Of all the lines in the entries below, give again exactly those starting at the line containing "pose g nu := gcdn (x nu) M." and ending at the line containing "apply: chinese_seq; first exact: enum_uniq.", both ends included, and no others.

(Stored data)
--------------------
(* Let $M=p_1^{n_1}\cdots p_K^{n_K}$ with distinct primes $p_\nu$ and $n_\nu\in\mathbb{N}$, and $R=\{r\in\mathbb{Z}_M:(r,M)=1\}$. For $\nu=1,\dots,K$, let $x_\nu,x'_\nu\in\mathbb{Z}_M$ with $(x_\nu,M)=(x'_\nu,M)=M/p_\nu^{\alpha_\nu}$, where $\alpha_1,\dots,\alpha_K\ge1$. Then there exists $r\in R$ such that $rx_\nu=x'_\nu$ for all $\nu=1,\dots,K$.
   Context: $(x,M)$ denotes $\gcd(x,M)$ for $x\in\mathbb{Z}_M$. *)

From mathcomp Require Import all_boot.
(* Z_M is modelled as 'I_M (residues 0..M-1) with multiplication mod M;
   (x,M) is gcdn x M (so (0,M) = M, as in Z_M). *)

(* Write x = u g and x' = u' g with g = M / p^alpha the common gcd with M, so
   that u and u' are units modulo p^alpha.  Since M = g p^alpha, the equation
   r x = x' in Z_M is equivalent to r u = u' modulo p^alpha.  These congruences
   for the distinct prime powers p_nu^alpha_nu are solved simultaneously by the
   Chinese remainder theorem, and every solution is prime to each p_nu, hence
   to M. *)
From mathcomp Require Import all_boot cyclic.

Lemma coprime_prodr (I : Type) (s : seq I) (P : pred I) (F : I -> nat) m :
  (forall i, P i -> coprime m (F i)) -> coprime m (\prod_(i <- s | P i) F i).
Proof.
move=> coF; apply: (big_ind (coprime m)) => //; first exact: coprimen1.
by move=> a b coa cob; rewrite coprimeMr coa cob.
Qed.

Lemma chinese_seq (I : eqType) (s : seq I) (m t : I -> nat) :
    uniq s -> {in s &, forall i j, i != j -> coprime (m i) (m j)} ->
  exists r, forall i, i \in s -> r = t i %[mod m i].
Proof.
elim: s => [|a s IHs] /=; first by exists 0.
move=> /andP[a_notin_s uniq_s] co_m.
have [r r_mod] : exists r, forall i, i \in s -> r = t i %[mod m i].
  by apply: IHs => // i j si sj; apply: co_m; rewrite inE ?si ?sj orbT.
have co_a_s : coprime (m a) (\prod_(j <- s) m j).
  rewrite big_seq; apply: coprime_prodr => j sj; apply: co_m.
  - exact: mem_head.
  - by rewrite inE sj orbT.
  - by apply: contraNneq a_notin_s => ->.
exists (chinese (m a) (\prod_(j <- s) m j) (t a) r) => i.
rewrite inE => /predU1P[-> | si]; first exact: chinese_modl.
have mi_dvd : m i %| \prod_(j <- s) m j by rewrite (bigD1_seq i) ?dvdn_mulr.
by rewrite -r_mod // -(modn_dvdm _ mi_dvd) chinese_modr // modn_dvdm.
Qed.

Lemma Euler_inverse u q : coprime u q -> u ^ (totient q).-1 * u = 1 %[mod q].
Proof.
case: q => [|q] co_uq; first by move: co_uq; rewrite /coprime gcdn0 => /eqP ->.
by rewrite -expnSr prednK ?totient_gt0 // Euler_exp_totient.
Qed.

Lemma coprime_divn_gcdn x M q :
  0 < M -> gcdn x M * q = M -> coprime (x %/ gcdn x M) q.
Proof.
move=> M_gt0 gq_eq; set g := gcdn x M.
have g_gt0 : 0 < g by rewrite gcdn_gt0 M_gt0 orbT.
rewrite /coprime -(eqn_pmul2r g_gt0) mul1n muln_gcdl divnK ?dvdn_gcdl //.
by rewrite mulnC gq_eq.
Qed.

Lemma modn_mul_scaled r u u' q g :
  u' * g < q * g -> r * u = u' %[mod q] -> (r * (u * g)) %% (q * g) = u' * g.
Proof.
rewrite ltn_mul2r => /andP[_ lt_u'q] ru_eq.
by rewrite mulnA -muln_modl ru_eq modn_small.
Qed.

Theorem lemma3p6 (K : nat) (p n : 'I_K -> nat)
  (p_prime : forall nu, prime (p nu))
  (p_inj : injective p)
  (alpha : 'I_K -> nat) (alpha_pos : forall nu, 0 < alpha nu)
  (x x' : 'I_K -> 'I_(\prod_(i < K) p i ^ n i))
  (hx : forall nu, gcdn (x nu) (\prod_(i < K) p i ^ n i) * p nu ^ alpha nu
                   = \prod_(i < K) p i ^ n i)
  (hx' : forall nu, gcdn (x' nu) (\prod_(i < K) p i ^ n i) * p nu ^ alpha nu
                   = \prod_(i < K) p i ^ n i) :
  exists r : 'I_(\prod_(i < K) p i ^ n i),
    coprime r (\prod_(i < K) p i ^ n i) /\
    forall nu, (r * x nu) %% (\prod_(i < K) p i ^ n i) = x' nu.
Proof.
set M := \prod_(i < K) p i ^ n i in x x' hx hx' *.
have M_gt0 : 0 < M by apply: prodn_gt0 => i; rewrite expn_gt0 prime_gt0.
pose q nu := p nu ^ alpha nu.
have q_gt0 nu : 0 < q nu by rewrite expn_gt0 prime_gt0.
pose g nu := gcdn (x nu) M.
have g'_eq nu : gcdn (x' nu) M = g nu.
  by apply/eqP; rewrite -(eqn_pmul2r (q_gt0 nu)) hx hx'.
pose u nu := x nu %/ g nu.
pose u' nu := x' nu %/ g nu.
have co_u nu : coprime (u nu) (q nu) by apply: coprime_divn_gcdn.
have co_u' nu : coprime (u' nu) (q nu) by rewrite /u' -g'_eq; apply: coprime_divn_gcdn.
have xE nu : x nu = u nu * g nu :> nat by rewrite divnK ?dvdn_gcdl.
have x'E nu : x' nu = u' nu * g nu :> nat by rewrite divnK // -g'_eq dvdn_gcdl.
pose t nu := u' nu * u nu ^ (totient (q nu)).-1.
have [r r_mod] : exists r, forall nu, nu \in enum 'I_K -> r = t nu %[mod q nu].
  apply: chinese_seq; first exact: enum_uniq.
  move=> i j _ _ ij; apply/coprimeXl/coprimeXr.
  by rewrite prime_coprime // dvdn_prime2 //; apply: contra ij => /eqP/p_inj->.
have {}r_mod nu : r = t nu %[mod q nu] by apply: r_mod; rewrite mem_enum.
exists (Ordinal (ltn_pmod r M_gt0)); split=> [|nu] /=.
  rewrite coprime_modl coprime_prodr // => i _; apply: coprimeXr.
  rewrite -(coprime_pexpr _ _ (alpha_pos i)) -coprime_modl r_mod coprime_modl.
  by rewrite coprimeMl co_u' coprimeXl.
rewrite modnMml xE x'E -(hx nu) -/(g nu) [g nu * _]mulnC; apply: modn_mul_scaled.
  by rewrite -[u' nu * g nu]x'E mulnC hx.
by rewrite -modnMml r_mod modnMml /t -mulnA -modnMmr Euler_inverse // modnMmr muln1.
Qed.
--------------------
EXERCISE RESULT
pose g nu := gcdn (x nu) M.
have g'_eq nu : gcdn (x' nu) M = g nu.
  by apply/eqP; rewrite -(eqn_pmul2r (q_gt0 nu)) hx hx'.
pose u nu := x nu %/ g nu.
pose u' nu := x' nu %/ g nu.
have co_u nu : coprime (u nu) (q nu) by apply: coprime_divn_gcdn.
have co_u' nu : coprime (u' nu) (q nu) by rewrite /u' -g'_eq; apply: coprime_divn_gcdn.
have xE nu : x nu = u nu * g nu :> nat by rewrite divnK ?dvdn_gcdl.
have x'E nu : x' nu = u' nu * g nu :> nat by rewrite divnK // -g'_eq dvdn_gcdl.
pose t nu := u' nu * u nu ^ (totient (q nu)).-1.
have [r r_mod] : exists r, forall nu, nu \in enum 'I_K -> r = t nu %[mod q nu].
  apply: chinese_seq; first exact: enum_uniq.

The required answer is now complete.